Needed from the data below: every line from the one with "(op_scale c T)" up to and including the one with "(forall x, ell2 x -> ell2 (T x)) /\", repeated exactly and with nothing else.

[Saved data entries]
........

Definition op_add (T S : op) : op := fun x k => T x k + S x k.
Definition op_scale (c : C) (T : op) : op := fun x k => c * T x k.
Definition op_mul (T S : op) : op := fun x => T (S x).

Definition opeq (T S : op) : Prop := forall x, ell2 x -> T x = S x.

Definition Ushift : op := fun x k => if k is k'.+1 then x k' else 0.
Definition Ushift_adj : op := fun x k => x k.+1.

(* M_f E_k = f(x_k) E_k with x_k = k x_1 *)
Definition Mult (G : zmodType) (x1 : G) (f : G -> C) : op :=
  fun x k => f (x1 *+ k) * x k.

(* rho_theta(a) = e^{i theta K} a e^{-i theta K}, K E_k = k E_k *)
Definition rho (t : R) (a : op) : op :=
  fun x k => cexpi (t * k%:R) * a (fun j => cexpi (- (t * j%:R)) * x j) k.

(* continuous functions G -> C (C = R^2 with the product topology) *)
Definition continuousC (G : topologicalType) (f : G -> C) : Prop :=
  continuous (fun g => complex.Re (f g)) /\ continuous (fun g => complex.Im (f g)).

Definition is_character (G : topologicalZmodType) (chi : G -> C) : Prop :=
  continuousC chi /\ (forall g h, chi (g + h) = chi g * chi h) /\
  (forall g, Normc.normc (chi g) = 1).

Inductive alg_gen (gens : op -> Prop) : op -> Prop :=
| alg_gen_gen T : gens T -> alg_gen gens T
| alg_gen_add T S : alg_gen gens T -> alg_gen gens S -> alg_gen gens (op_add T S)
| alg_gen_scale c T : alg_gen gens T -> alg_gen gens (op_scale c T)
| alg_gen_mul T S : alg_gen gens T -> alg_gen gens S -> alg_gen gens (op_mul T S).

(* \mathcal A = *-algebra generated by U, U^*, M_chi (chi in \hat G);
   the generating set is closed under adjoints (M_chi^* = M_{conj chi}). *)
Definition calA (G : topologicalZmodType) (x1 : G) : op -> Prop :=
  alg_gen (fun T => T = Ushift \/ T = Ushift_adj \/
                    exists chi, is_character chi /\ T = Mult x1 chi).

Definition algA0 (G : topologicalZmodType) (x1 : G) : op -> Prop :=
  alg_gen (fun T => T = Ushift \/ T = Ushift_adj \/
                    exists f, continuousC f /\ T = Mult x1 f).

(* A = C^*(U, M_f) = operator-norm closure of algA0 in B(l^2) *)
Definition inA (G : topologicalZmodType) (x1 : G) (T : op) : Prop :=
  (forall x, ell2 x -> ell2 (T x)) /\
  (exists M : R, forall x, ell2 x -> l2norm (T x) <= M * l2norm x) /\
  (forall eps : R, 0 < eps -> exists S, algA0 x1 S /\
     forall x, ell2 x -> l2norm (fun k => T x k - S x k) <= eps * l2norm x).

Definition is_derivation (G : topologicalZmodType) (x1 : G) (d : op -> op) : Prop :=
  (forall a, calA x1 a -> inA x1 (d a)) /\
  (forall a b, calA x1 a -> calA x1 b -> opeq (d (op_add a b)) (op_add (d a) (d b))) /\
  (forall c a, calA x1 a -> opeq (d (op_scale c a)) (op_scale c (d a))) /\
  (forall a b, calA x1 a -> calA x1 b ->
     opeq (d (op_mul a b)) (op_add (op_mul (d a) b) (op_mul a (d b)))).

Definition cint02pi (f : R -> C) : C :=
  Complex (Rintegral (@lebesgue_measure R) `[0, 2 * pi] (fun t => complex.Re (f t)))
          (Rintegral (@lebesgue_measure R) `[0, 2 * pi] (fun t => complex.Im (f t))).

(* n-th Fourier component d_n(a) = (1/2pi) int_0^{2pi} e^{in theta}
   rho_theta^{-1}(d(rho_theta(a))) d theta, applied to a vector x,
   the integral being taken coordinatewise. *)
Definition fourier_comp (d : op -> op) (n : int) (a : op) : op :=
  fun x i => ((2 * pi)^-1)%:C%C *
     cint02pi (fun t => cexpi (n%:~R * t) * rho (- t) (d (rho t a)) x i).

End Defs.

........

Solution for this problem:
| alg_gen_scale c T : alg_gen gens T -> alg_gen gens (op_scale c T)
| alg_gen_mul T S : alg_gen gens T -> alg_gen gens S -> alg_gen gens (op_mul T S).

(* \mathcal A = *-algebra generated by U, U^*, M_chi (chi in \hat G);
   the generating set is closed under adjoints (M_chi^* = M_{conj chi}). *)
Definition calA (G : topologicalZmodType) (x1 : G) : op -> Prop :=
  alg_gen (fun T => T = Ushift \/ T = Ushift_adj \/
                    exists chi, is_character chi /\ T = Mult x1 chi).

Definition algA0 (G : topologicalZmodType) (x1 : G) : op -> Prop :=
  alg_gen (fun T => T = Ushift \/ T = Ushift_adj \/
                    exists f, continuousC f /\ T = Mult x1 f).

(* A = C^*(U, M_f) = operator-norm closure of algA0 in B(l^2) *)
Definition inA (G : topologicalZmodType) (x1 : G) (T : op) : Prop :=
  (forall x, ell2 x -> ell2 (T x)) /\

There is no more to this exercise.